There is no a priori reason that there should be a satisfactory solution to any problem that we face.

True. Fortunately, solutions to our energy problems are here already.

-----------------------------------------------------------------

So, we see that some of the authors' assumptions are highly unrealistic.

That's too bad, as good quality risk analysis of these topics is badly needed.

but I'm more inclined toward Greer's take that a drawn out grind of slightly more death than replacement birth year after year beyond peak and not some sudden collapse.
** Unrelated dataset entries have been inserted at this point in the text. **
(* Let $\alpha,\beta$ be positive quadratic irrationals and let $A,B\in GL(2,\mathbb Z)$ be non-identity matrices with $\operatorname{Aut}(\mathcal A_\alpha)\cong\mathbb T^2\rtimes_{\psi_A}\mathbb Z$ and $\operatorname{Aut}(\mathcal A_\beta)\cong\mathbb T^2\rtimes_{\psi_B}\mathbb Z$. Then $\operatorname{Aut}(\mathcal A_\alpha)\cong\operatorname{Aut}(\mathcal A_\beta)$ if and only if there exists $C\in GL(2,\mathbb Z)$ with $B=C^{-1}AC$ or $B^{-1}=C^{-1}AC$.
   Context: For a positive irrational $\alpha$, $\mathcal A_\alpha=\{f\in C(\mathbb T^2): \hat f(m,n)=0 \text{ whenever } m+\alpha n<0\}$ (with $\mathbb T$ the unit circle and $\hat f$ the Fourier transform on $\mathbb Z^2$), a uniform algebra with the sup norm, and $\operatorname{Aut}(\mathcal A_\alpha)$ is its group of isometric automorphisms. For $A=\begin{bmatrix} a&b\\ c&d\end{bmatrix}\in GL(2,\mathbb Z)$, $\psi_A:\mathbb T^2\to\mathbb T^2$ is $\psi_A(c_1,c_2)=(c_1^ac_2^b,c_1^cc_2^d)$; the (continuous) automorphisms of the group $\mathbb T^2$ are exactly the $\psi_A$. The semidirect product $\mathbb T^2\rtimes_{\psi_A}\mathbb Z$ has multiplication $(\mathbf c,m)\cdot(\mathbf d,n)=(\mathbf c\,\psi_A^m(\mathbf d),m+n)$. Isomorphisms of these semidirect products are understood with automorphisms of $\mathbb T^2$ taken in the continuous sense (i.e. as topological groups). *)

From Stdlib Require Import Reals ZArith List.
Open Scope R_scope.

Definition C := (R * R)%type.
Definition Cadd (z w : C) : C := (fst z + fst w, snd z + snd w).
Definition Csub (z w : C) : C := (fst z - fst w, snd z - snd w).
Definition Cmul (z w : C) : C :=
  (fst z * fst w - snd z * snd w, fst z * snd w + snd z * fst w).
Definition Cnorm (z : C) : R := sqrt (fst z * fst z + snd z * snd z).
(* Let $a<0$, $b>0$, $c\in(0,1)$, $d>0$, and set $\pi_0=bd(1-c)^a/(1+bd(1-c)^a)$. (i) If $Z\sim\mathrm{NB}(\pi_0,1/d)$ and $W_1,W_2,\dots$ are i.i.d. $\mathrm{NB}(c,-a)$ independent of $Z$, then $\sum_{i=1}^Z W_i\sim\mathrm{TDL}(a,b,c,d)$. (ii) If $Z\sim\mathrm{NB}(\pi_0,1/d)$ and, conditionally on $Z$, $X\sim\mathrm{NB}(c,-aZ)$ (point mass at $0$ when $Z=0$), then $X\sim\mathrm{TDL}(a,b,c,d)$. (iii) Let $G_1$ be Gamma with Laplace transform $(1+bd(1-c)^a t)^{-1/d}$; conditionally on $G_1$ let $N$ be Poisson with mean $G_1$; conditionally on $(G_1,N)$ let $G_2$ be Gamma with scale $c/(1-c)$ and shape $-aN$ (Laplace transform $(1+ct/(1-c))^{aN}$, point mass at $0$ if $N=0$); conditionally on $(G_1,N,G_2)$ let $X$ be Poisson with mean $G_2$. Then $X\sim\mathrm{TDL}(a,b,c,d)$.
   Context: $\mathrm{NB}(\pi,\delta)$, $\pi\in(0,1)$, $\delta>0$: law on $\mathbb{N}$ with pgf $((1-\pi)/(1-\pi s))^\delta$. $\mathrm{TDL}(a,b,c,d)$: law on $\mathbb{N}$ with pgf $\big(1+\operatorname{sgn}(a)\,b\,d\,((1-cs)^a-(1-c)^a)\big)^{-1/d}$, $s\in[0,1]$, where $\operatorname{sgn}$ is the sign function (so $\operatorname{sgn}(a)=-1$ here). An empty sum equals $0$. *)

From Stdlib Require Import Reals Arith Factorial.
Open Scope R_scope.

Fixpoint rising (x : R) (k : nat) : R :=
  match k with
  | O => 1
  | S k' => rising x k' * (x + INR k')
  end.

(* pmf of NB(p, delta): pgf ((1-p)/(1-p s))^delta.
   For delta = 0 this is the point mass at 0. *)
Definition nb_pmf (p delta : R) (k : nat) : R :=
  rising delta k / INR (fact k) * Rpower (1 - p) delta * p ^ k.

Definition poisson_pmf (m : R) (k : nat) : R :=
  exp (- m) * m ^ k / INR (fact k).

Definition dirac0 (k : nat) : R := if Nat.eqb k 0 then 1 else 0.

Definition conv (p q : nat -> R) (k : nat) : R :=
  sum_f_R0 (fun j => p j * q (k - j)%nat) k.

(* n-fold convolution power: law of W_1 + ... + W_n, W_i iid with pmf p *)
Fixpoint convpow (p : nat -> R) (n : nat) : nat -> R :=
  match n with
  | O => dirac0
  | S n' => conv p (convpow p n')
  end.

Definition sgn (x : R) : R :=
  if Rlt_dec x 0 then -1 else if Rlt_dec 0 x then 1 else 0.

Definition tdl_pgf (a b c d s : R) : R :=
  Rpower (1 + sgn a * b * d * (Rpower (1 - c * s) a - Rpower (1 - c) a)) (- (1 / d)).

Definition pi0 (a b c d : R) : R :=
  b * d * Rpower (1 - c) a / (1 + b * d * Rpower (1 - c) a).

Definition has_pgf (p : nat -> R) (G : R -> R) : Prop :=
  forall s, 0 <= s <= 1 -> infinite_sum (fun k => p k * s ^ k) (G s).

Definition improper_int0 (f : R -> R) (l : R) : Prop :=
  forall eps, eps > 0 ->
    exists delta, delta > 0 /\ exists M, M > 0 /\
      forall u v, 0 < u < delta -> M < v ->
        exists pr : Riemann_integrable f u v, Rabs (RiemannInt pr - l) < eps.

Definition density_with_laplace (f : R -> R) (L : R -> R) : Prop :=
  (forall x, 0 < x -> 0 <= f x) /\
  (forall t, 0 <= t -> improper_int0 (fun x => exp (- (t * x)) * f x) (L t)).

(* Each representation is a compound law: a count N with pgf P, and given N = n a law with pgf
   W^n, where W(s) = ((1-c)/(1-cs))^(-a) is the NB(c,-a) pgf; by Tonelli for nonnegative double
   series the compound law has pgf P(W(s)).  In (i) and (ii) W^n is the pgf of the n-fold
   convolution of NB(c,-a) and of NB(c,-an), and P(y) = (1 + B(1-y))^(-1/d), B = bd(1-c)^a, is
   the NB(pi0,1/d) pgf.  In (iii) a Poisson mixture with mixing density f has pgf L_f(1-s), where
   L_f is the Laplace transform of f; this gives the same P and, for the Gamma layer, W^n again.
   Finally P(W(s)) is the TDL pgf because B W(s) = bd(1-cs)^a. *)

From Stdlib Require Import Reals Lra Lia Factorial.
From Coquelicot Require Import Coquelicot.
Open Scope R_scope.

(** * Nonnegative series and probability generating functions *)

Lemma infinite_sum_ext (a b : nat -> R) (l : R) :
  (forall n, a n = b n) -> infinite_sum a l -> infinite_sum b l.
Proof.
  intros E H; apply is_series_Reals; apply is_series_Reals in H.
  exact (is_series_ext a b l E H).
Qed.

Lemma infinite_sum_scal_l (a : nat -> R) (k l : R) :
  infinite_sum a l -> infinite_sum (fun n => k * a n) (k * l).
Proof. intros H; apply is_series_Reals; exact (is_series_scal_l k a l (proj2 (is_series_Reals a l) H)). Qed.

Lemma infinite_sum_term_le (a : nat -> R) (l : R) (N : nat) :
  (forall n, 0 <= a n) -> infinite_sum a l -> a N <= l.
Proof.
  intros Ha H. apply Rle_trans with (sum_f_R0 a N); [|exact (sum_incr a N l H Ha)].
  destruct N as [|N]; simpl; [lra|]. pose proof (cond_pos_sum a N Ha); lra.
Qed.

Lemma Un_cv_le_const (u : nat -> R) (l M : R) :
  Un_cv u l -> (forall n, u n <= M) -> l <= M.
Proof.
  intros Hu HM. apply (Rle_cv_lim (Vn := fun _ => M) HM Hu).
  intros eps Heps; exists O; intros n _. unfold R_dist; rewrite Rminus_diag, Rabs_R0; lra.
Qed.

Lemma infinite_sum_bounded_nonneg (a : nat -> R) (M : R) :
  (forall n, 0 <= a n) -> (forall N, sum_f_R0 a N <= M) ->
  exists l, infinite_sum a l /\ l <= M.
Proof.
  intros Ha HM. destruct (growing_cv (sum_f_R0 a)) as [l Hl].
  - intros n; simpl; specialize (Ha (S n)); lra.
  - exists M; intros x [N ->]; apply HM.
  - exists l; split; [exact Hl | exact (Un_cv_le_const _ _ _ Hl HM)].
Qed.

Lemma infinite_sum_sum_f_R0 (b : nat -> nat -> R) (col : nat -> R) (K : nat) :
  (forall k, infinite_sum (fun n => b n k) (col k)) ->
  infinite_sum (fun n => sum_f_R0 (b n) K) (sum_f_R0 col K).
Proof.
  intros H; induction K as [|K IH]; simpl; [apply H|].
  intros eps Heps. destruct (CV_plus _ _ _ _ IH (H (S K)) eps Heps) as [N HN].
  exists N; intros n Hn. rewrite plus_sum. exact (HN n Hn).
Qed.

Lemma sum_col_le_sum_row (b : nat -> nat -> R) (row col : nat -> R) (T : R) :
  (forall n k, 0 <= b n k) ->
  (forall n, infinite_sum (b n) (row n)) ->
  (forall k, infinite_sum (fun n => b n k) (col k)) ->
  infinite_sum row T -> forall K, sum_f_R0 col K <= T.
Proof.
  intros Hb Hrow Hcol HT K. apply (Un_cv_le_const _ _ _ (infinite_sum_sum_f_R0 b col K Hcol)).
  intros N. apply Rle_trans with (sum_f_R0 row N).
  - apply sum_Rle; intros n _. exact (sum_incr _ K _ (Hrow n) (Hb n)).
  - apply sum_incr; [exact HT|]. intros n.
    apply Rle_trans with (b n O); [apply Hb | exact (infinite_sum_term_le _ _ O (Hb n) (Hrow n))].
Qed.

Lemma infinite_sum_swap_nonneg (b : nat -> nat -> R) (row col : nat -> R) (T : R) :
  (forall n k, 0 <= b n k) ->
  (forall n, infinite_sum (b n) (row n)) ->
  (forall k, infinite_sum (fun n => b n k) (col k)) ->
  infinite_sum row T -> infinite_sum col T.
Proof.
  intros Hb Hrow Hcol HT. destruct (infinite_sum_bounded_nonneg col T) as [S [HS HST]].
  - intros k. apply Rle_trans with (b O k); [apply Hb|].
    exact (infinite_sum_term_le (fun n => b n k) _ O (fun n => Hb n k) (Hcol k)).
  - exact (sum_col_le_sum_row b row col T Hb Hrow Hcol HT).
  - assert (HTS : T <= S).
    { apply (Un_cv_le_const (sum_f_R0 row) T S HT).
      exact (sum_col_le_sum_row (fun k n => b n k) col row S (fun k n => Hb n k) Hcol Hrow HS). }
    replace T with S by lra. exact HS.
Qed.

Lemma has_pgf_dirac0 : has_pgf dirac0 (fun _ => 1).
Proof.
  intros s _ eps Heps. exists O; intros n _.
  replace (sum_f_R0 (fun k => dirac0 k * s ^ k) n) with 1; [rewrite R_dist_eq; lra|].
  induction n as [|n IH]; simpl; [unfold dirac0; simpl; ring|].
  rewrite <- IH; unfold dirac0; simpl; ring.
Qed.

Lemma has_pgf_conv (p q : nat -> R) (P Q : R -> R) :
  (forall k, 0 <= p k) -> (forall k, 0 <= q k) -> has_pgf p P -> has_pgf q Q ->
  has_pgf (conv p q) (fun s => P s * Q s).
Proof.
  intros Hp Hq HP HQ s Hs. apply is_series_Reals.
  eapply is_series_ext;
    [|apply (is_series_mult_pos (fun k => p k * s ^ k) (fun k => q k * s ^ k));
      try (apply is_series_Reals; auto); intros k;
      apply Rmult_le_pos; auto; apply pow_le; lra].
  intros k. unfold conv. rewrite Rmult_comm, scal_sum. apply sum_eq. intros j Hj.
  replace (s ^ k) with (s ^ j * s ^ (k - j)) by (rewrite <- pow_add; f_equal; lia). ring.
Qed.

Lemma dirac0_nonneg (k : nat) : 0 <= dirac0 k.
Proof. unfold dirac0; destruct (Nat.eqb k 0); lra. Qed.

Lemma convpow_nonneg (p : nat -> R) (n k : nat) :
  (forall k, 0 <= p k) -> 0 <= convpow p n k.
Proof.
  intros Hp. revert k; induction n as [|n IH]; intros k; simpl.
  - apply dirac0_nonneg.
  - apply cond_pos_sum; intros j. apply Rmult_le_pos; auto.
Qed.

Lemma has_pgf_convpow (p : nat -> R) (P : R -> R) (n : nat) :
  (forall k, 0 <= p k) -> has_pgf p P -> has_pgf (convpow p n) (fun s => P s ^ n).
Proof.
  intros Hp HP. induction n as [|n IH]; [exact has_pgf_dirac0|].
  apply has_pgf_conv; auto. intros k; apply convpow_nonneg, Hp.
Qed.

Lemma compound_pgf (pN : nat -> R) (PN : R -> R) (q : nat -> nat -> R) (Y : R -> R) :
  (forall n, 0 <= pN n) -> has_pgf pN PN ->
  (forall n k, 0 <= q n k) -> (forall n, has_pgf (q n) (fun s => Y s ^ n)) ->
  (forall s, 0 <= s <= 1 -> 0 <= Y s <= 1) ->
  exists pX, (forall k, infinite_sum (fun n => pN n * q n k) (pX k)) /\
             has_pgf pX (fun s => PN (Y s)).
Proof.
  intros HpN HPN Hq HY HY01.
  assert (Hq1 : forall n k, q n k <= 1).
  { intros n k. assert (H := HY n 1 ltac:(lra)). cbv beta in H.
    apply (infinite_sum_term_le _ _ k) in H;
      [|intros j; rewrite pow1, Rmult_1_r; apply Hq].
    cbv beta in H; rewrite pow1, Rmult_1_r in H. eapply Rle_trans; [exact H|].
    apply Rle_trans with (1 ^ n); [apply pow_incr, HY01; lra | rewrite pow1; lra]. }
  assert (Hcol : forall k, infinite_sum (fun n => pN n * q n k) (Series (fun n => pN n * q n k))).
  { intros k. apply is_series_Reals, Series_correct.
    apply (@ex_series_le R_AbsRing R_CompleteNormedModule _ pN).
    - intros n. rewrite Rabs_pos_eq by (apply Rmult_le_pos; auto).
      rewrite <- (Rmult_1_r (pN n)) at 2. apply Rmult_le_compat_l; auto.
    - exists (PN 1). apply is_series_Reals.
      apply (infinite_sum_ext (fun n => pN n * 1 ^ n)); [intros n; rewrite pow1; ring | apply HPN; lra]. }
  exists (fun k => Series (fun n => pN n * q n k)). split; [exact Hcol|].
  intros s Hs.
  apply (infinite_sum_swap_nonneg (fun n k => pN n * q n k * s ^ k) (fun n => pN n * Y s ^ n)).
  - intros n k. apply Rmult_le_pos; [apply Rmult_le_pos; auto | apply pow_le; lra].
  - intros n. eapply infinite_sum_ext; [|exact (infinite_sum_scal_l _ (pN n) _ (HY n s Hs))].
    intros k; cbv beta; ring.
  - intros k. eapply infinite_sum_ext;
      [|rewrite Rmult_comm; exact (infinite_sum_scal_l _ (s ^ k) _ (Hcol k))].
    intros n; cbv beta; ring.
  - apply HPN, HY01, Hs.
Qed.

(** * Newton's binomial series and the negative binomial law *)

Definition nb_coef (x : R) (k : nat) : R := rising x k / INR (fact k).

Lemma rising_pos (x : R) (k : nat) : 0 < x -> 0 < rising x k.
Proof.
  intros Hx; induction k as [|k IH]; simpl; [lra|].
  apply Rmult_lt_0_compat; [exact IH | pose proof (pos_INR k); lra].
Qed.

Lemma nb_coef_pos (x : R) (k : nat) : 0 < x -> 0 < nb_coef x k.
Proof.
  intros Hx; apply Rdiv_lt_0_compat; [now apply rising_pos | apply lt_0_INR, lt_O_fact].
Qed.

Lemma nb_coef_S (x : R) (k : nat) : INR (S k) * nb_coef x (S k) = (x + INR k) * nb_coef x k.
Proof.
  unfold nb_coef; simpl rising; rewrite fact_simpl, mult_INR.
  pose proof (lt_0_INR _ (lt_O_fact k)); pose proof (lt_0_INR (S k) (Nat.lt_0_succ k)).
  field; lra.
Qed.

Lemma is_lim_seq_inv_S : is_lim_seq (fun n => / INR (S n)) 0.
Proof.
  apply (is_lim_seq_incr_1 (fun n => / INR n)).
  replace (Finite 0) with (Rbar_inv p_infty) by reflexivity.
  apply is_lim_seq_inv; [exact is_lim_seq_INR | discriminate].
Qed.

Lemma CV_radius_nb_coef (x : R) : 0 < x -> CV_radius (nb_coef x) = 1.
Proof.
  intros Hx. rewrite <- Rinv_1.
  apply CV_radius_finite_DAlembert; [intros n; pose proof (nb_coef_pos x n Hx); lra | lra|].
  apply (is_lim_seq_ext (fun n => 1 + (x - 1) * / INR (S n))).
  - intros n. pose proof (nb_coef_pos x n Hx). pose proof (lt_0_INR (S n) (Nat.lt_0_succ n)).
    assert (E : nb_coef x (S n) / nb_coef x n = (x + INR n) / INR (S n)).
    { apply Rmult_eq_reg_l with (INR (S n) * nb_coef x n); [|nra].
      field_simplify; [rewrite nb_coef_S; ring | lra | lra]. }
    rewrite E, Rabs_pos_eq; [rewrite S_INR in *; field; lra|].
    apply Rdiv_le_0_compat; [pose proof (pos_INR n) |]; lra.
  - replace (Finite 1) with (Finite (1 + (x - 1) * 0)) by (f_equal; ring).
    apply is_lim_seq_plus'; [apply is_lim_seq_const|].
    exact (is_lim_seq_scal_l _ (x - 1) 0 is_lim_seq_inv_S).
Qed.

Lemma PSeries_derive_nb_coef (x y : R) : 0 < x -> -1 < y < 1 ->
  (1 - y) * PSeries (PS_derive (nb_coef x)) y = x * PSeries (nb_coef x) y.
Proof.
  intros Hx Hy.
  assert (Hr : Rbar_lt (Rabs y) (CV_radius (nb_coef x))).
  { rewrite CV_radius_nb_coef by exact Hx. simpl. unfold Rabs; destruct Rcase_abs; lra. }
  set (D := PSeries (PS_derive (nb_coef x)) y).
  assert (HD : is_pseries (PS_derive (nb_coef x)) y D) by apply PSeries_correct, ex_pseries_derive, Hr.
  assert (Hg := PSeries_correct _ _ (CV_radius_inside _ _ Hr)).
  (* the coefficient recurrence (k+1) c_(k+1) = (x + k) c_k, read as an equation between series *)
  assert (HD' : is_pseries (PS_derive (nb_coef x)) y (x * PSeries (nb_coef x) y + y * D)).
  { refine (is_pseries_ext _ _ _ _ _
      (is_pseries_plus _ _ _ _ _ (is_pseries_scal x _ _ _ (Rmult_comm y x) Hg)
                                 (is_pseries_incr_1 _ _ _ HD))).
    intros k. unfold PS_plus, PS_scal, PS_incr_1, PS_derive. rewrite nb_coef_S.
    change (plus ?u ?v) with (u + v); change (scal ?u ?v) with (u * v).
    match goal with |- ?u = ?v => change (@eq R u v) end.
    destruct k as [|k]; change (mult ?u ?v) with (u * v); [change zero with 0; simpl; ring|].
    rewrite (S_INR k). ring. }
  apply is_pseries_unique in HD'. fold D in HD'. lra.
Qed.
Greer seems now to be hedging his bets, posting more about a very fast collapse. Bold mine but are Greer's words:
The Archdruid Report - On the Far Side of Denial

Korowicz argues, if I may oversimplify his careful prose, that the current global financial system is a tottering mess that could come apart at the seams in no time flat, and it’s under stress already from a variety of factors, including peak oil. If and when it comes apart, he suggests, the entire structure of letters of credit and currency flows that supports global trade in little luxuries like enough food to eat could quite readily come apart also, producing a fiscal cardiac arrest that could shatter supply chains and bring most nations’ economies to a screeching halt in a matter of days or weeks.

Is this a plausible scenario? It’s considerably more than that, for a close equivalent happened in late 1932 and early 1933 in the United States.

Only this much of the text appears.